*TASK INSTRUCTIONS*
Go through the records and copy each line where the string "vanishing" occurs.

Saved data entries
══════════════════════════════

(* Let $X$ be a Tychonoff space. The following are equivalent: (1) $X$ is finite; (2) $T''(X)$ is Noetherian; (3) $T''(X)$ is Artinian.
   Context: $C(X)$ is the ring of real-valued continuous functions on $X$; a cozero set is a set $\{x: h(x)\neq 0\}$ with $h\in C(X)$. $T''(X)$ is the ring (under pointwise operations) of all functions $f\colon X\to\mathbb{R}$ for which there is a dense cozero set $U$ of $X$ with $f|_U$ continuous. *)

From HB Require Import structures.
From mathcomp Require Import all_boot all_order all_algebra.
From mathcomp Require Import all_classical all_reals all_analysis.
Set Implicit Arguments. Unset Strict Implicit. Unset Printing Implicit Defensive.
Import Order.TTheory GRing.Theory Num.Theory.
Import numFieldNormedType.Exports.
Local Open Scope classical_set_scope.
Local Open Scope ring_scope.

(* Tychonoff = T1 + completely regular (points separated from closed sets
   by real-valued continuous functions). *)
Definition real_completely_regular (R : realType) (X : topologicalType) : Prop :=
  forall (a : X) (B : set X), closed B -> ~ B a ->
    exists f : X -> R, continuous f /\ f a = 0 /\ (forall b, B b -> f b = 1).

Definition tychonoff_space (R : realType) (X : topologicalType) : Prop :=
  @accessible_space X /\ real_completely_regular R X.

Definition cozero_set (R : realType) (X : topologicalType) (U : set X) : Prop :=
  exists h : X -> R, continuous h /\ U = [set x | h x != 0].

Definition Tpp (R : realType) (X : topologicalType) : set (X -> R) :=
  [set f | exists U : set X, @cozero_set R X U /\ dense U /\ {within U, continuous f}].

Definition Tpp_ideal (R : realType) (X : topologicalType) (I : set (X -> R)) : Prop :=
  [/\ I `<=` @Tpp R X,
      I (fun _ => 0),
      (forall f g, I f -> I g -> I (fun x => f x - g x))
    & (forall f g, @Tpp R X f -> I g -> I (fun x => f x * g x))].

Definition Tpp_noetherian (R : realType) (X : topologicalType) : Prop :=
  forall I : nat -> set (X -> R), (forall n, @Tpp_ideal R X (I n)) ->
    (forall n, I n `<=` I n.+1) -> exists N, forall n, (N <= n)%N -> I n = I N.

Definition Tpp_artinian (R : realType) (X : topologicalType) : Prop :=
  forall I : nat -> set (X -> R), (forall n, @Tpp_ideal R X (I n)) ->
    (forall n, I n.+1 `<=` I n) -> exists N, forall n, (N <= n)%N -> I n = I N.

From HB Require Import structures.
From mathcomp Require Import all_boot all_order all_algebra.
From mathcomp Require Import all_classical all_reals all_analysis.
From mathcomp Require Import lra.

(** If X is finite and T1, it is discrete, so T''(X) is the ring of all real
    functions on X; an ideal I of it is determined by the set of points where
    some member of I does not vanish, and chains of ideals stabilize together
    with chains of subsets of X.

    If X is infinite, complete regularity splits any infinite Y into a point
    a with a continuous psi, psi a = 0, such that Y ∩ {psi > 1/3} is still
    infinite.  Iterating gives infinite sets Y_{n+1} = Y_n ∩ {psi_n > 1/3},
    with a_n ∈ Y_n \ Y_{n+1}; Y_n is the cozero set of the continuous
    e_n = ∏_{k<n} max(0, psi_k - 1/3).  The ideals of functions vanishing on
    Y_n increase strictly (max(0, 1/3 - psi_n) separates them at a_n) and
    those of functions vanishing off Y_n decrease strictly (e_n separates
    them at a_n). *)

Import Order.TTheory GRing.Theory Num.Theory.
Import numFieldNormedType.Exports.
Local Open Scope classical_set_scope.

Lemma nondecreasing_sets_stationary {T : eqType} (A : nat -> set T) :
  finite_set [set: T] -> (forall n, A n `<=` A n.+1) ->
  exists N, forall n, (N <= n)%N -> A n = A N.
Proof.
move=> /finite_seqP[s sE] A_incr.
have A_mono : {homo A : m n / (m <= n)%N >-> m `<=` n}.
  exact: homo_leq subset_refl (fun _ _ _ => @subset_trans _ _ _ _) A_incr.
have /choice[m Am] : forall x, exists k, forall n, A n x -> A k x.
  move=> x; have [[n Anx]|noA] := pselect (exists n, A n x); first by exists n.
  by exists 0%N => n Anx; case: noA; exists n.
exists (\max_(x <- s) m x)%N => n Nn; apply/seteqP; split; last exact: A_mono.
move=> x /Am; apply: A_mono; apply: leq_bigmax_seq => //.
by have : [set` s] x by rewrite -sE.
Qed.

Lemma nonincreasing_sets_stationary {T : eqType} (A : nat -> set T) :
  finite_set [set: T] -> (forall n, A n.+1 `<=` A n) ->
  exists N, forall n, (N <= n)%N -> A n = A N.
Proof.
move=> finT A_decr.
have [|N HN] := nondecreasing_sets_stationary (fun n => ~` A n) finT.
  by move=> n; apply: subsetC.
by exists N => n /HN /(can_inj setCK).
Qed.

Section Tpp_ring.
Local Open Scope ring_scope.
Variables (R : realType) (X : topologicalType).

Definition cozero (f : X -> R) : set X := [set x | f x != 0].

Lemma cozero_set_open (U : set X) : cozero_set R U -> open U.
Proof.
move=> [h [hc ->]].
have -> : [set x | h x != 0] = h @^-1` [set r : R | r != 0] by [].
by apply: open_comp; [move=> x _; apply: hc | exact: open_neq].
Qed.

Lemma Tpp_common_domain {f g : X -> R} : Tpp f -> Tpp g ->
  exists U : set X, [/\ cozero_set R U, dense U,
    {within U, continuous f} & {within U, continuous g}].
Proof.
move=> [U [[hU [hUc UE]] [dU fc]]] [V [[hV [hVc VE]] [dV gc]]].
exists (U `&` V); split.
- exists (fun x => hU x * hV x); split.
    by move=> x; exact: continuousM (hUc x) (hVc x).
  rewrite UE VE; apply/seteqP; split=> x /=; rewrite mulf_eq0 negb_or.
    by move=> [-> ->].
  by move/andP.
- by apply: denseI => //; apply: cozero_set_open; exists hU.
- exact: continuous_subspaceW fc.
- exact: continuous_subspaceW gc.
Qed.

Lemma continuous_Tpp {f : X -> R} : continuous f -> Tpp f.
Proof.
move=> fc; exists setT; split; last split.
- exists (fun=> 1); split; first by move=> x; exact: cst_continuous.
  by apply/seteqP; split=> x //= _; rewrite oner_neq0.
- by move=> O O0 _; rewrite setIT.
- exact: continuous_subspaceT.
Qed.

Lemma TppB {f g : X -> R} : Tpp f -> Tpp g -> Tpp (fun x => f x - g x).
Proof.
move=> /Tpp_common_domain/[apply] -[U [cU dU fc gc]].
by exists U; split=> //; split=> // x; exact: continuousB (fc x) (gc x).
Qed.

Lemma TppM {f g : X -> R} : Tpp f -> Tpp g -> Tpp (fun x => f x * g x).
Proof.
move=> /Tpp_common_domain/[apply] -[U [cU dU fc gc]].
by exists U; split=> //; split=> // x; exact: continuousM (fc x) (gc x).
Qed.

Lemma max0r_eq0 (t : R) : (Num.max 0 t == 0) = (t <= 0).
Proof. by have [_|t_gt0] := leP t 0; [rewrite eqxx | rewrite gt_eqF]. Qed.

Lemma continuous_max0_subr (c : R) {h : X -> R} :
  continuous h -> continuous (fun x => Num.max 0 (c - h x)).
Proof.
move=> hc x; apply: (@continuous_max R X (fun=> 0) (fun x => c - h x)).
  exact: cvg_cst.
by apply: continuousB; [exact: cvg_cst | exact: hc].
Qed.

Lemma continuous_max0_subl (c : R) {h : X -> R} :
  continuous h -> continuous (fun x => Num.max 0 (h x - c)).
Proof.
move=> hc x; apply: (@continuous_max R X (fun=> 0) (fun x => h x - c)).
  exact: cvg_cst.
by apply: continuousB; [exact: hc | exact: cvg_cst].
Qed.

Lemma Tpp_idealD {I : set (X -> R)} {f g : X -> R} :
  Tpp_ideal I -> I f -> I g -> I (fun x => f x + g x).
Proof.
move=> [_ I0 IB _] If Ig; have := IB _ _ If (IB _ _ I0 Ig).
by congr I; apply/funext => x; rewrite sub0r opprK.
Qed.
(* For all integers $t\ge0$, \[|\kappa_2(t+1)-\kappa_2(t)|\le2,\quad |\kappa_3(t+1)-\kappa_3(t)|\le6,\quad |\kappa_4(t+1)-\kappa_4(t)|\le28,\quad |\kappa_5(t+1)-\kappa_5(t)|\le240.\]
   Context: $s(n)$ is the number of $1$s in the binary expansion of $n\ge0$. For integers $j$ and $t\ge0$, $\delta(j,t)=\lim_{N\to\infty}\frac1N|\{0\le n<N: s(n+t)-s(n)=j\}|$, a probability distribution on $\mathbb Z$. $\kappa_j(t)$ denotes the $j$-th cumulant of this distribution, i.e. the real numbers with $\log\sum_{k\in\mathbb Z}\delta(k,t)e^{2\pi i k\vartheta}=\sum_{j\ge0}\frac{\kappa_j(t)}{j!}(2\pi i\vartheta)^j$ for $\vartheta$ near $0$. *)

From Stdlib Require Import Reals ZArith.
From Coquelicot Require Import Coquelicot.
Open Scope R_scope.

Fixpoint pos_ones (p : positive) : nat :=
  match p with
  | xH => 1%nat
  | xO q => pos_ones q
  | xI q => S (pos_ones q)
  end.

Definition s (n : nat) : nat :=
  match N.of_nat n with
  | N0 => 0%nat
  | Npos p => pos_ones p
  end.

Fixpoint cnt (j : Z) (t : nat) (N : nat) : nat :=
  match N with
  | O => O
  | S M => (cnt j t M +
            (if Z.eqb (Z.of_nat (s (M + t)) - Z.of_nat (s M))%Z j then 1 else 0))%nat
  end.

Definition delta (j : Z) (t : nat) : R :=
  real (Lim_seq (fun N => INR (cnt j t N) / INR N)).

Definition cexp (z : C) : C :=
  (exp (fst z) * cos (snd z), exp (fst z) * sin (snd z)).

Definition sumZ (f : Z -> R) : R :=
  Series (fun k => f (Z.of_nat k)) + Series (fun k => f (- Z.of_nat (S k))%Z).

Definition charf (t : nat) (theta : R) : C :=
  (sumZ (fun k => delta k t * cos (2 * PI * IZR k * theta)),
   sumZ (fun k => delta k t * sin (2 * PI * IZR k * theta))).

(* kappa is the cumulant sequence of delta(.,t):
   log charf t theta = sum_{j>=0} kappa_j / j! (2 pi i theta)^j  for theta near 0.
   (Stated by exponentiating: the series converges to L(theta) and exp L(theta)
    = charf t theta.) *)
Definition is_cumulants (t : nat) (kappa : nat -> R) : Prop :=
  exists r : R, 0 < r /\
    forall theta : R, Rabs theta < r ->
      exists L : C,
        is_series (K := C_AbsRing) (V := C_NormedModule)
          (fun j => Cmult (RtoC (kappa j / INR (fact j)))
                          (pow_n (K := C_Ring) ((0%R, (2 * PI * theta)%R) : C) j)) L
        /\ cexp L = charf t theta.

══════════════════════════════

*RESULT OF THIS TASK*
    e_n = ∏_{k<n} max(0, psi_k - 1/3).  The ideals of functions vanishing on
    those of functions vanishing off Y_n decrease strictly (e_n separates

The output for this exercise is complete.